Task directions => From the data below, set down exactly the lines between the one holding "by split=> i; case: (r01 i) => [->|[->]]." and the one holding "by rewrite sumrB sumr_const", inclusive, and no others.

Dataset records =>
(* Let $A$ be an abelian group and $S_1,\ldots,S_k$ a distinct difference system in $A$. For each $i$ and each $z \in S_i$ define $T_{i,z} = \{x - z \mid x \in S_i,\ x \neq z\}$. If $T_{i,z} \cap T_{j,w} \neq \emptyset$, then $i = j$ and $z = w$.
   Context: Subsets $S_1,\ldots,S_k$ of an abelian group $A$ form a distinct difference system if: (i) for any $i,j$ and any $x,y \in S_i$, $z,w \in S_j$ with $x \neq y$ and $z \neq w$, the equation $x-y=z-w$ implies $x=z$ and $y=w$; (ii) each $S_i$ contains $0$ and at least one other element; (iii) $S_i \cap S_j = \{0\}$ for $i \neq j$. *)

From mathcomp Require Import all_boot all_algebra.
Set Implicit Arguments. Unset Strict Implicit. Unset Printing Implicit Defensive.
Import GRing.Theory.
Local Open Scope ring_scope.

Definition distinct_difference_system (A : zmodType) (k : nat)
  (S : 'I_k -> A -> Prop) : Prop :=
  (forall (i j : 'I_k) (x y z w : A),
      S i x -> S i y -> S j z -> S j w -> x <> y -> z <> w ->
      x - y = z - w -> x = z /\ y = w)
  /\ (forall i : 'I_k, S i 0 /\ exists x, S i x /\ x <> 0)
  /\ (forall (i j : 'I_k), i <> j -> forall x, S i x -> S j x -> x = 0).

Definition T_set (A : zmodType) (k : nat) (S : 'I_k -> A -> Prop)
  (i : 'I_k) (z : A) : A -> Prop :=
  fun d => exists x, S i x /\ x <> z /\ d = x - z.

From mathcomp Require Import all_boot all_algebra.
Import GRing.Theory.
Local Open Scope ring_scope.

Section DistinctDifferenceSystem.

Context {A : zmodType} {k : nat} {S : 'I_k -> A -> Prop}.
Hypothesis hS : distinct_difference_system S.

Lemma dds_diff_eq {i j : 'I_k} {x y z w : A} :
  S i x -> S i y -> S j z -> S j w -> x <> y -> z <> w ->
  x - y = z - w -> x = z /\ y = w.
Proof. by case: hS => diff_inj _; apply: diff_inj. Qed.

Lemma dds_index_eq {i j : 'I_k} {x y : A} :
  S i x -> S i y -> S j x -> S j y -> x <> y -> i = j.
Proof.
move=> Six Siy Sjx Sjy xy; case: (eqVneq i j) => [//|/eqP ij].
have [_ [_ meet0]] := hS.
by case: xy; rewrite (meet0 i j ij x Six Sjx) (meet0 i j ij y Siy Sjy).
Qed.

End DistinctDifferenceSystem.

Theorem lemma3p23 (A : zmodType) (k : nat) (S : 'I_k -> A -> Prop)
  (hS : distinct_difference_system S)
  (i j : 'I_k) (z w : A) (hz : S i z) (hw : S j w)
  (hne : exists d, T_set S i z d /\ T_set S j w d) :
  i = j /\ z = w.
Proof.
case: hne => d [[x [Six [xz ->]]] [y [Sjy [yw same_diff]]]].
have [exy ezw] := dds_diff_eq hS Six hz Sjy hw xz yw same_diff.
subst y w; split=> //.
exact: (dds_index_eq hS Six hz Sjy hw xz).
Qed.
Lemma nonedge_dist_divn a :
  nonedge_dist a = [&& 0 < a %/ k, a %% k <= 1 & a %/ k < q].
Proof.
rewrite andbA -(exists_ord_mulnD (fun j m => (0 < j) && (m <= 1))).
by apply: eq_existsb => j; apply: eq_existsb => m; rewrite andbA.
Qed.

Lemma edge_offsetE a : 0 < a < n -> edge_offset a = ~~ nonedge_dist a.
Proof.
move=> /andP[a_gt0 ltan]; have k_gt0 : 0 < k by lia.
rewrite /edge_offset (exists_ord_mulnD (fun _ m => 1 < m)) nonedge_dist_divn.
move: (divn_eq a k) (ltn_pmod a k_gt0); move: (a %/ k) (a %% k) => J R eq_a ltRk.
have small_J : J < q -> J * k + k <= q * k.
  by move=> ltJq; rewrite addnC -mulSn leq_mul2r ltJq orbT.
have large_J : q <= J -> q * k <= J * k by move=> leqJ; rewrite leq_mul2r leqJ orbT.
have pos_J : 0 < J -> k <= J * k.
  by move=> J_gt0; rewrite -{1}(mul1n k) leq_mul2r J_gt0 orbT.
rewrite (mulnC k q); lia.
Qed.

Lemma nonedge_dist_subn t : t <= n -> nonedge_dist (n - t) = nonedge_dist t.
Proof.
suff nonedge_sub s : nonedge_dist s -> nonedge_dist (n - s).
  move=> letn; apply/idP/idP => [/nonedge_sub | /nonedge_sub //].
  by rewrite subKn.
move=> /nonedge_distP[j [m [/andP[j_gt0 ltjq] m_le1 ->]]].
have lejq := leq_muln_succ k ltjq.
by apply/nonedge_distP; exists (q - j), (1 - m); split; rewrite ?mulnBr; lia.
Qed.

Lemma G_adjE (x y : 'I_n) : x != y -> G_adj q k x y = ~~ nonedge_dist `|x - y|.
Proof.
move=> neq_xy; have [ltxn ltyn] := (ltn_ord x, ltn_ord y).
have neq_xy' : x <> y :> nat by move=> /val_inj eq_xy; rewrite eq_xy eqxx in neq_xy.
rewrite G_adj_offset; last by lia.
have [lexy | ltyx] := leqP x y.
  have -> : (y + n - x) %% n = `|x - y| by rewrite -addnBAC // modnDr modn_small; lia.
  by rewrite edge_offsetE //; lia.
have -> : (y + n - x) %% n = n - `|x - y| by rewrite modn_small; lia.
by rewrite edge_offsetE ?nonedge_dist_subn //; lia.
Qed.

End Circulant.

Local Open Scope ring_scope.

Lemma ord5_dist_le2 (i j : 'I_5) :
  i != j -> [|| j == i + 1, j == i + 2, i == j + 1 | i == j + 2].
Proof. by move: i j; do 2!case=> [[|[|[|[|[|//]]]]] ?]. Qed.

Lemma sumr_translateB (G : finZmodType) (V : zmodType) (F : G -> V) (a : G) :
  \sum_i (F (i + a) - F i) = 0.
Proof. by rewrite sumrB [X in _ - X](reindex_inj (addIr a)) subrr. Qed.

Lemma nonneg_residues_eq0 (I : finType) (k : nat) (m r : I -> int) :
    (#|I| <= k)%N -> (forall i, r i = 0 \/ r i = 1 /\ 0 < m i) ->
  \sum_i (m i * k + r i) = 0 -> forall i, r i = 0.
Proof.
move=> le_I_k r01; rewrite big_split -mulr_suml /= => sum0.
have [r_ge0 r_le1] : (forall i, 0 <= r i) /\ (forall i, r i <= 1).
  by split=> i; case: (r01 i) => [->|[->]].
have sum_r_ge0 : 0 <= \sum_i r i by apply: sumr_ge0.
have sum_r_le : \sum_i r i <= #|I| by rewrite -natz -sum1_card natr_sum ler_sum.
have all_r1 : \sum_i r i = #|I| -> forall i, r i = 1.
  move=> sum_r_card i; apply/eqP; rewrite eq_sym -subr_eq0; apply/eqP.
  apply: (psumr_eq0P (P := predT) (F := fun i => 1 - r i)) => // [j _|].
    by rewrite subr_ge0.
  by rewrite sumrB sumr_const sum_r_card natz subrr.
have sum_m_ge0 : (forall i, r i = 1) -> 0 <= \sum_i m i.
  by move=> r1; apply: sumr_ge0 => i _; case: (r01 i) => [|[_ /ltW]]; rewrite ?r1.
(* [\sum_i r i] is a multiple of [k] in [[0, #|I|]]; if it is nonzero it
   equals [#|I|], so every [r i] is 1 and every [m i] is positive. *)
suff sum_r0 : \sum_i r i = 0 by move=> i; apply: (psumr_eq0P _ sum_r0).
move: sum_r_ge0 sum_r_le all_r1 sum_m_ge0 sum0.
set S := \sum_i r i; set M := \sum_i m i => S_ge0 S_le all_r1 sum_m_ge0 sum0.
have k_ge0 : 0 <= k%:Z by [].
have [M_ge0 | M_lt0] := leP 0 M; first by nia.
have S_card : S = #|I| by nia.
by have := sum_m_ge0 (all_r1 S_card); lia.
Qed.

Section NonedgeSplit.

Variables q k : nat.
Hypothesis k_gt1 : (1 < k)%N.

Answer to this task =>
  by split=> i; case: (r01 i) => [->|[->]].
have sum_r_ge0 : 0 <= \sum_i r i by apply: sumr_ge0.
have sum_r_le : \sum_i r i <= #|I| by rewrite -natz -sum1_card natr_sum ler_sum.
have all_r1 : \sum_i r i = #|I| -> forall i, r i = 1.
  move=> sum_r_card i; apply/eqP; rewrite eq_sym -subr_eq0; apply/eqP.
  apply: (psumr_eq0P (P := predT) (F := fun i => 1 - r i)) => // [j _|].
    by rewrite subr_ge0.
  by rewrite sumrB sumr_const sum_r_card natz subrr.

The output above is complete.